Task requirements: Please return the full listing. Every line must match exactly.

Dataset:
(* Let $\mathcal{U}\subset\mathbb{R}^n\times\mathbb{R}^p$ be open, let $\mathcal{D}\subset\mathcal{U}$ be nonempty, let $\Gamma:\mathcal{D}\times\mathbb{R}^m\rightrightarrows\mathbb{R}^q$ be such that $\Gamma(\xi,\cdot)$ is positively homogeneous for every $\xi\in\mathcal{D}$, let $\mathcal{A}:\mathcal{U}\to\mathbb{R}^{q\times m}$, and define $\varXi:\mathcal{D}\times\mathbb{R}^m\rightrightarrows\mathbb{R}^q$ by $\varXi(\xi,z):=\mathcal{A}(\xi)z+\Gamma(\xi,z)$. Let $\bar\xi\in\mathcal{D}$ and $\omega\in\mathbb{R}^n\times\mathbb{R}^p$, put $H:=\Gamma(\bar\xi,\cdot)$, $\mathcal{Z}:=\mathrm{bd}\,\mathbb{B}\cap\mathrm{dom}\,H$, $\mathcal{Z}_0:=\{z\in\mathcal{Z}\mid 0\in\mathcal{A}(\bar\xi)z+H(z)\}$ and $\varTheta:=\mathrm{cl}\big(\mathrm{cone}\big(\bigcup_{z\in\mathcal{Z}}H(z)\big)\big)$, and assume: (i) $\bar\xi$ is $\varXi$-singular; (ii) $\Gamma$ is outer semicontinuous; (iii) $\mathcal{A}$ is semidifferentiable at $\bar\xi$ for $\omega$; (iv) the set $\mathcal{A}(\bar\xi)\,\mathrm{dom}\,H$ is closed; (v) there exists $c\ge0$ such that for every $z\in\mathcal{Z}_0$ there are $\varepsilon,\delta>0$ with $\Gamma(\xi,z')\cap\delta\mathbb{B}\subset\Gamma(\bar\xi,z')+c\|\xi-\bar\xi\|\mathbb{B}$ whenever $(\xi,z')\in(\mathcal{D}\times\mathrm{bd}\,\mathbb{B})\cap((\bar\xi,z)+\varepsilon\mathbb{B})$; (vi) $\big(\mathcal{A}(\bar\xi)\,\mathrm{dom}\,H\big)\cap(-\varTheta)\subset\{0\}$. Then, with $c\ge0$ from (v), \[ d\ell_\varXi(\bar\xi)(\omega)+c\|\omega\|\ \ge\ \min_{z\in\mathcal{Z}_0}\mathrm{dist}\big[0,\ \mathcal{A}'(\bar\xi;\omega)z+\varTheta+\mathcal{A}(\bar\xi)\,\mathrm{dom}\,H\big]. \]
   Context: $\|\cdot\|$ is the Euclidean norm, $\mathbb{B}$ the closed unit ball, $\mathrm{bd}$ the boundary, $\mathrm{cl}$ the closure, $\mathrm{dist}[\xi,Z]$ the distance (with $\mathrm{dist}[\xi,\emptyset]=\infty$), and $\mathrm{cone}(Z):=\bigcup_{\gamma\ge0}\gamma Z$. A set-valued map $H$ is positively homogeneous if $H(\gamma z)=\gamma H(z)$ for all $\gamma>0$ and all $z$. $\Gamma$ is outer semicontinuous if $\limsup_{(\xi',z')\to(\xi,z),\,(\xi',z')\in\mathcal{D}\times\mathbb{R}^m}\Gamma(\xi',z')\subset\Gamma(\xi,z)$ (Painlevé–Kuratowski outer limit) for all $(\xi,z)\in\mathcal{D}\times\mathbb{R}^m$. The least singular value (LSV) function of $\varXi$ is $\ell_\varXi:\mathbb{R}^n\times\mathbb{R}^p\to[0,\infty]$, $\ell_\varXi(\xi):=\infty$ if $\xi\notin\mathcal{D}$ and $\ell_\varXi(\xi):=\inf_{\|z\|=1}\mathrm{dist}[0,\varXi(\xi,z)]$ if $\xi\in\mathcal{D}$. A point $\bar\xi\in\mathcal{D}$ is $\varXi$-singular if $0\in\varXi(\bar\xi,z)$ for some $z\neq0$. The semiderivative of a single-valued map $\mathcal{A}$ at $\xi\in\mathrm{int}(\mathrm{dom}\,\mathcal{A})$ for $\omega$ is $\mathcal{A}'(\xi;\omega):=\lim_{\tau\searrow0,\omega'\to\omega}(\mathcal{A}(\xi+\tau\omega')-\mathcal{A}(\xi))/\tau$; $\mathcal{A}$ is semidifferentiable at $\xi$ for $\omega$ if this limit exists. The subderivative of $\varphi:\mathbb{R}^N\to\mathbb{R}\cup\{\infty\}$ at $\xi\in\mathrm{dom}\,\varphi$ in direction $\omega$ is $d\varphi(\xi)(\omega):=\liminf_{\tau\searrow0,\omega'\to\omega}(\varphi(\xi+\tau\omega')-\varphi(\xi))/\tau$. *)

From HB Require Import structures.
From mathcomp Require Import all_boot all_order all_algebra.
From mathcomp Require Import all_classical all_reals.
From mathcomp Require Import ereal.
Set Implicit Arguments. Unset Strict Implicit. Unset Printing Implicit Defensive.
Import Order.TTheory GRing.Theory Num.Theory.
Local Open Scope classical_set_scope.
Local Open Scope ring_scope.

Exercise answer:
(* Let $\mathcal{U}\subset\mathbb{R}^n\times\mathbb{R}^p$ be open, let $\mathcal{D}\subset\mathcal{U}$ be nonempty, let $\Gamma:\mathcal{D}\times\mathbb{R}^m\rightrightarrows\mathbb{R}^q$ be such that $\Gamma(\xi,\cdot)$ is positively homogeneous for every $\xi\in\mathcal{D}$, let $\mathcal{A}:\mathcal{U}\to\mathbb{R}^{q\times m}$, and define $\varXi:\mathcal{D}\times\mathbb{R}^m\rightrightarrows\mathbb{R}^q$ by $\varXi(\xi,z):=\mathcal{A}(\xi)z+\Gamma(\xi,z)$. Let $\bar\xi\in\mathcal{D}$ and $\omega\in\mathbb{R}^n\times\mathbb{R}^p$, put $H:=\Gamma(\bar\xi,\cdot)$, $\mathcal{Z}:=\mathrm{bd}\,\mathbb{B}\cap\mathrm{dom}\,H$, $\mathcal{Z}_0:=\{z\in\mathcal{Z}\mid 0\in\mathcal{A}(\bar\xi)z+H(z)\}$ and $\varTheta:=\mathrm{cl}\big(\mathrm{cone}\big(\bigcup_{z\in\mathcal{Z}}H(z)\big)\big)$, and assume: (i) $\bar\xi$ is $\varXi$-singular; (ii) $\Gamma$ is outer semicontinuous; (iii) $\mathcal{A}$ is semidifferentiable at $\bar\xi$ for $\omega$; (iv) the set $\mathcal{A}(\bar\xi)\,\mathrm{dom}\,H$ is closed; (v) there exists $c\ge0$ such that for every $z\in\mathcal{Z}_0$ there are $\varepsilon,\delta>0$ with $\Gamma(\xi,z')\cap\delta\mathbb{B}\subset\Gamma(\bar\xi,z')+c\|\xi-\bar\xi\|\mathbb{B}$ whenever $(\xi,z')\in(\mathcal{D}\times\mathrm{bd}\,\mathbb{B})\cap((\bar\xi,z)+\varepsilon\mathbb{B})$; (vi) $\big(\mathcal{A}(\bar\xi)\,\mathrm{dom}\,H\big)\cap(-\varTheta)\subset\{0\}$. Then, with $c\ge0$ from (v), \[ d\ell_\varXi(\bar\xi)(\omega)+c\|\omega\|\ \ge\ \min_{z\in\mathcal{Z}_0}\mathrm{dist}\big[0,\ \mathcal{A}'(\bar\xi;\omega)z+\varTheta+\mathcal{A}(\bar\xi)\,\mathrm{dom}\,H\big]. \]
   Context: $\|\cdot\|$ is the Euclidean norm, $\mathbb{B}$ the closed unit ball, $\mathrm{bd}$ the boundary, $\mathrm{cl}$ the closure, $\mathrm{dist}[\xi,Z]$ the distance (with $\mathrm{dist}[\xi,\emptyset]=\infty$), and $\mathrm{cone}(Z):=\bigcup_{\gamma\ge0}\gamma Z$. A set-valued map $H$ is positively homogeneous if $H(\gamma z)=\gamma H(z)$ for all $\gamma>0$ and all $z$. $\Gamma$ is outer semicontinuous if $\limsup_{(\xi',z')\to(\xi,z),\,(\xi',z')\in\mathcal{D}\times\mathbb{R}^m}\Gamma(\xi',z')\subset\Gamma(\xi,z)$ (Painlevé–Kuratowski outer limit) for all $(\xi,z)\in\mathcal{D}\times\mathbb{R}^m$. The least singular value (LSV) function of $\varXi$ is $\ell_\varXi:\mathbb{R}^n\times\mathbb{R}^p\to[0,\infty]$, $\ell_\varXi(\xi):=\infty$ if $\xi\notin\mathcal{D}$ and $\ell_\varXi(\xi):=\inf_{\|z\|=1}\mathrm{dist}[0,\varXi(\xi,z)]$ if $\xi\in\mathcal{D}$. A point $\bar\xi\in\mathcal{D}$ is $\varXi$-singular if $0\in\varXi(\bar\xi,z)$ for some $z\neq0$. The semiderivative of a single-valued map $\mathcal{A}$ at $\xi\in\mathrm{int}(\mathrm{dom}\,\mathcal{A})$ for $\omega$ is $\mathcal{A}'(\xi;\omega):=\lim_{\tau\searrow0,\omega'\to\omega}(\mathcal{A}(\xi+\tau\omega')-\mathcal{A}(\xi))/\tau$; $\mathcal{A}$ is semidifferentiable at $\xi$ for $\omega$ if this limit exists. The subderivative of $\varphi:\mathbb{R}^N\to\mathbb{R}\cup\{\infty\}$ at $\xi\in\mathrm{dom}\,\varphi$ in direction $\omega$ is $d\varphi(\xi)(\omega):=\liminf_{\tau\searrow0,\omega'\to\omega}(\varphi(\xi+\tau\omega')-\varphi(\xi))/\tau$. *)

From HB Require Import structures.
From mathcomp Require Import all_boot all_order all_algebra.
From mathcomp Require Import all_classical all_reals.
From mathcomp Require Import ereal.
Set Implicit Arguments. Unset Strict Implicit. Unset Printing Implicit Defensive.
Import Order.TTheory GRing.Theory Num.Theory.
Local Open Scope classical_set_scope.
Local Open Scope ring_scope.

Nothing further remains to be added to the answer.